● **What is needed**: Lines below that include the word "orbb" should each be copied.

▼

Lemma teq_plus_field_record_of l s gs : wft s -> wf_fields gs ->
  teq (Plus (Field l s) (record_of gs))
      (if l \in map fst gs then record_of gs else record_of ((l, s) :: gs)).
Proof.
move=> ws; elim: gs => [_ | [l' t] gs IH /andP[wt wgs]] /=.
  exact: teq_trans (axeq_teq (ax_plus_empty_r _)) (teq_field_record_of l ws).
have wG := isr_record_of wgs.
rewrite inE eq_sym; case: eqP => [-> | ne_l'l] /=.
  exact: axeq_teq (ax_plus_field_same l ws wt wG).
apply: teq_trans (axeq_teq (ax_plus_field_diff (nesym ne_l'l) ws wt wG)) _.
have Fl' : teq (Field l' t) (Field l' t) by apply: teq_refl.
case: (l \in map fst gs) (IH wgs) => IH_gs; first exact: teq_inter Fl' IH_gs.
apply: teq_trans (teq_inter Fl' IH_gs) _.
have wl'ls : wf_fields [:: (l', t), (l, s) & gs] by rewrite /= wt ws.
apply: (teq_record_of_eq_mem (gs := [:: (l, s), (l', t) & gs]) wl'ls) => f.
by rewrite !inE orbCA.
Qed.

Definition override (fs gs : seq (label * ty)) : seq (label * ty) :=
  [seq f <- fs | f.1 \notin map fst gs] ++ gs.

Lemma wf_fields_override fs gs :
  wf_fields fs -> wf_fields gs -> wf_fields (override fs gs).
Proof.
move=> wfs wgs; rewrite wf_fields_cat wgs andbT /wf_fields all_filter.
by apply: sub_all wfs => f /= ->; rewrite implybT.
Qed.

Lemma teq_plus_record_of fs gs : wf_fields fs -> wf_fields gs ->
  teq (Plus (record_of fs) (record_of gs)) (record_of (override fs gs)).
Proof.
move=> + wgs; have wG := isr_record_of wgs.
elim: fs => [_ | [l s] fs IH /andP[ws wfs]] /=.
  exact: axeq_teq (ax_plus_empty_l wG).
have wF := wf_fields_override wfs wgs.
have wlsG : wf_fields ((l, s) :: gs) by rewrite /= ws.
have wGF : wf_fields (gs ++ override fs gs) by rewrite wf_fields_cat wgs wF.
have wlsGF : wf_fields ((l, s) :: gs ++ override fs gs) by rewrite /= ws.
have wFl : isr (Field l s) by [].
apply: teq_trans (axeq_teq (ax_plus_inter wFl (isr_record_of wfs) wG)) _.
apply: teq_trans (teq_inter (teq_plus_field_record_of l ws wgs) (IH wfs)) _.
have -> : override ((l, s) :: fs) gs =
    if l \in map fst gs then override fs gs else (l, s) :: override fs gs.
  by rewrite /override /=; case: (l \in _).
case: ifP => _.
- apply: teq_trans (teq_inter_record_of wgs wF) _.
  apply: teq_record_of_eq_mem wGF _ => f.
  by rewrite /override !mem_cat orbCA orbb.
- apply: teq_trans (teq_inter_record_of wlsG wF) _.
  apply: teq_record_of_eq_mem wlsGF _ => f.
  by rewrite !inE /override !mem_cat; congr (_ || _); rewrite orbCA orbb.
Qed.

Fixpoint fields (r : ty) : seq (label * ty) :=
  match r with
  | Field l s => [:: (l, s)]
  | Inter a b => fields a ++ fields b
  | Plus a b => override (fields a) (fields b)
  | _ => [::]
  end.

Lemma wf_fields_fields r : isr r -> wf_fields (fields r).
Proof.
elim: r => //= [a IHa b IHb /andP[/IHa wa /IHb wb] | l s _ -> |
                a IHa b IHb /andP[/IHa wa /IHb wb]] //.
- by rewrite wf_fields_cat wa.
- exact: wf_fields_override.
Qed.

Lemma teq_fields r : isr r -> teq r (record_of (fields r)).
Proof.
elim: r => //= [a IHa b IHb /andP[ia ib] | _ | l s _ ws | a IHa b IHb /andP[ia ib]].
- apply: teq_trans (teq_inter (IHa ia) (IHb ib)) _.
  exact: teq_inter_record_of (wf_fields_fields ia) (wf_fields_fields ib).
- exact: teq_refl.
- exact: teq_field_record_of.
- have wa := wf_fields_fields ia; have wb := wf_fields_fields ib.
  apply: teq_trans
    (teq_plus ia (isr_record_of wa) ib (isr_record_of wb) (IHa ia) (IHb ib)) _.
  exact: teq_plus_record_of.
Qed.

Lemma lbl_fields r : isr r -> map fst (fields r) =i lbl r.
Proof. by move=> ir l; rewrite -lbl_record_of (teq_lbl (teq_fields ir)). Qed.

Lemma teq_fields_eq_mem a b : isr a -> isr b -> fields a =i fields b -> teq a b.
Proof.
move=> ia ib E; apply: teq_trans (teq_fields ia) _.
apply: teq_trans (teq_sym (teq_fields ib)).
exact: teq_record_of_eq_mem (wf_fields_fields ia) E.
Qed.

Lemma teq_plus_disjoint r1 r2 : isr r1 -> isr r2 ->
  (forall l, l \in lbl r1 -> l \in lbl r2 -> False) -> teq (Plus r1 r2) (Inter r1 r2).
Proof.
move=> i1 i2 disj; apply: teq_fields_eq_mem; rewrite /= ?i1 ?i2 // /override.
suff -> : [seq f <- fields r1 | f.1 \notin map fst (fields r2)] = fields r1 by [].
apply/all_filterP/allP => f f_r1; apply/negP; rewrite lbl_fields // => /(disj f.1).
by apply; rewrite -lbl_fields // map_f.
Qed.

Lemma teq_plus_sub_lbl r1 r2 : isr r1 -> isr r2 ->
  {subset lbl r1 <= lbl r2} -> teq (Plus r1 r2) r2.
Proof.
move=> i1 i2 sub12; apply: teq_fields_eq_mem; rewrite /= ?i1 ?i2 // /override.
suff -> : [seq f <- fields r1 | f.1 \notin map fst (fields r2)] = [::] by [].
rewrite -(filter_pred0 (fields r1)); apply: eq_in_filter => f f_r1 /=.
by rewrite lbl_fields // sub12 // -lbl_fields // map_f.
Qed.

▲
▼

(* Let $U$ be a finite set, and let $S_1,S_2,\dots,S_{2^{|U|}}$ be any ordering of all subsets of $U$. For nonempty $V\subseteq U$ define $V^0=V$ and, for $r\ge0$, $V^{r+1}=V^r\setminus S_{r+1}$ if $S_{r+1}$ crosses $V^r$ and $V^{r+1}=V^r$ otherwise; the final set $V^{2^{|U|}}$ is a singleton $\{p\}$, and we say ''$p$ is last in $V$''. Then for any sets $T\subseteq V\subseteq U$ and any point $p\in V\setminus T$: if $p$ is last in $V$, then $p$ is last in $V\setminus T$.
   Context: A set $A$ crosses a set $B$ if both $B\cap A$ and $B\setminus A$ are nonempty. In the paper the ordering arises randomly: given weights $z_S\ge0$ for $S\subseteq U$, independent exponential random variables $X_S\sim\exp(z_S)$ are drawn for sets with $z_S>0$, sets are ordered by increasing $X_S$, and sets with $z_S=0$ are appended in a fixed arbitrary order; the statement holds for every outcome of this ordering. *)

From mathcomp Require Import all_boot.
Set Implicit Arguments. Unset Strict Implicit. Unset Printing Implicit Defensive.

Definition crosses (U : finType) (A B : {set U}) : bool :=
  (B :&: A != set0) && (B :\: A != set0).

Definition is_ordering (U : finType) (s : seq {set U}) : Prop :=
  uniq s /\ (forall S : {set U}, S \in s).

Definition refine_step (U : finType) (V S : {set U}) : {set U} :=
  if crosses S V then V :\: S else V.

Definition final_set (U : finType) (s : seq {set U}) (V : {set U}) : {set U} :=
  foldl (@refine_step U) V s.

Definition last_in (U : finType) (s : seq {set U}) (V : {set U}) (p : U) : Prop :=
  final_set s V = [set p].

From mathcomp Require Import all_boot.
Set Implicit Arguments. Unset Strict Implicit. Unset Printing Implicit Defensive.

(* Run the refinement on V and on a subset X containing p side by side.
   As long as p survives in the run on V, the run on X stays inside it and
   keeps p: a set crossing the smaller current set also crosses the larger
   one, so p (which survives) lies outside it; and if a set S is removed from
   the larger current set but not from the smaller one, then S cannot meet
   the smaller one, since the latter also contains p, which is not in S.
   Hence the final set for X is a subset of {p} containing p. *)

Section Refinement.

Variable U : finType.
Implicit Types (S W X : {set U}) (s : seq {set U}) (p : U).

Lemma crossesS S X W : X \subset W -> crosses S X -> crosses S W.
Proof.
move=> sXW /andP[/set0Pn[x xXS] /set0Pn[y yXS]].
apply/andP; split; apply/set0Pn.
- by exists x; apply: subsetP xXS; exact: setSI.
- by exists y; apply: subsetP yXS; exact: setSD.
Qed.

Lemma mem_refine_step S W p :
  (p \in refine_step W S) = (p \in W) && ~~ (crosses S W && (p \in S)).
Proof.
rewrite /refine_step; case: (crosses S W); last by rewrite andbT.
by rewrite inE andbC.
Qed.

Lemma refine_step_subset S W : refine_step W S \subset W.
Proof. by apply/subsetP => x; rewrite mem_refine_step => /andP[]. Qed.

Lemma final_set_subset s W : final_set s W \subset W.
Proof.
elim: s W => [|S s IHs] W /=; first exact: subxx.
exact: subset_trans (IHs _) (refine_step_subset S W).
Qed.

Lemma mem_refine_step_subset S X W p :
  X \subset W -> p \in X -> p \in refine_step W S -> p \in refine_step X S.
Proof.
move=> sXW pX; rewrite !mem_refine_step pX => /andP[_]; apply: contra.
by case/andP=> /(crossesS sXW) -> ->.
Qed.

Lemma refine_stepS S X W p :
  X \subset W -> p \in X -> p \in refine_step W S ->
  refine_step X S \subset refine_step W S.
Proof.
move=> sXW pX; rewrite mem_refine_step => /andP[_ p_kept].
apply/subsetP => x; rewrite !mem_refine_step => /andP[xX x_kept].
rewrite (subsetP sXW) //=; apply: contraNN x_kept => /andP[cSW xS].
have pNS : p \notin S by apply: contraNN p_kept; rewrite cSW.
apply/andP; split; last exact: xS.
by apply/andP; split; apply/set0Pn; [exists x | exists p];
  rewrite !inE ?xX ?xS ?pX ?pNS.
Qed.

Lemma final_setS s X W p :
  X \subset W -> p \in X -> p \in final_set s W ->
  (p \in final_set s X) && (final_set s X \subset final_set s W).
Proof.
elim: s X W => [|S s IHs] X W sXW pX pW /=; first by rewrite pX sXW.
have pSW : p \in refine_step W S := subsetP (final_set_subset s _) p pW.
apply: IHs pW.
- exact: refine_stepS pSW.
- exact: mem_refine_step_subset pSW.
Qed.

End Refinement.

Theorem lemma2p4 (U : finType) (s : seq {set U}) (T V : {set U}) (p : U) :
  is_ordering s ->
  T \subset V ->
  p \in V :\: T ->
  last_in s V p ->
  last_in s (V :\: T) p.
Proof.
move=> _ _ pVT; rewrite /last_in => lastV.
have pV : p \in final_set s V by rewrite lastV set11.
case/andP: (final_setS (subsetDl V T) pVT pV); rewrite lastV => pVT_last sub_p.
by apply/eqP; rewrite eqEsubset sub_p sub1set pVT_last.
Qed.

▲
▼

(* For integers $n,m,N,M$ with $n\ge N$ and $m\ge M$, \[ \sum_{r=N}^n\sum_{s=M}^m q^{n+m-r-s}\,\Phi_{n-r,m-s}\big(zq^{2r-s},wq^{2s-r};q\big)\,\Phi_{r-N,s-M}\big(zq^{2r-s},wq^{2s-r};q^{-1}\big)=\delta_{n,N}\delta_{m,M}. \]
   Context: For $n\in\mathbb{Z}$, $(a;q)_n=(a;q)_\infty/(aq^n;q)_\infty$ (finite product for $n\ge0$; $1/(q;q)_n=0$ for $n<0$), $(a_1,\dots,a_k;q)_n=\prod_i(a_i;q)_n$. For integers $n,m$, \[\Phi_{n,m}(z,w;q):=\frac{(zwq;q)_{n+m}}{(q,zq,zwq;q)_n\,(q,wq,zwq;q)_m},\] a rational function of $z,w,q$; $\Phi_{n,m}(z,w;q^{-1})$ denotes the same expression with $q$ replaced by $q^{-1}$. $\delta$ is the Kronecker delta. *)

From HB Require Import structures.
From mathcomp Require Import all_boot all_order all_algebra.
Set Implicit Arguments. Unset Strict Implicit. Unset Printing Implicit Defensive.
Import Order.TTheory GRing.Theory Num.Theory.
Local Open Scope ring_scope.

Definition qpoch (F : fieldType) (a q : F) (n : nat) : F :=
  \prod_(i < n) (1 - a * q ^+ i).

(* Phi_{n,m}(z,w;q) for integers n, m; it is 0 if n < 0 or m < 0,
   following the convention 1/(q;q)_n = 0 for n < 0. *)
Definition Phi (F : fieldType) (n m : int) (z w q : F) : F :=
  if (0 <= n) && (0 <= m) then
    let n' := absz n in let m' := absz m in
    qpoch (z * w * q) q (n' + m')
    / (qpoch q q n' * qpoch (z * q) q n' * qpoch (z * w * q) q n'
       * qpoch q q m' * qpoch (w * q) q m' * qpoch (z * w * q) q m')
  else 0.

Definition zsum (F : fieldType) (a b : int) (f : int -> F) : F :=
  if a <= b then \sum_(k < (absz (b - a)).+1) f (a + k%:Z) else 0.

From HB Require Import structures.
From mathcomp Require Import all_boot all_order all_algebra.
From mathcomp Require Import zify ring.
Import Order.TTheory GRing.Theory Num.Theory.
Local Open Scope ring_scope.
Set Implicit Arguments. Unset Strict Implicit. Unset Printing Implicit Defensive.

▲

● **Exercise output**:
  by rewrite /override !mem_cat orbCA orbb.
  by rewrite !inE /override !mem_cat; congr (_ || _); rewrite orbCA orbb.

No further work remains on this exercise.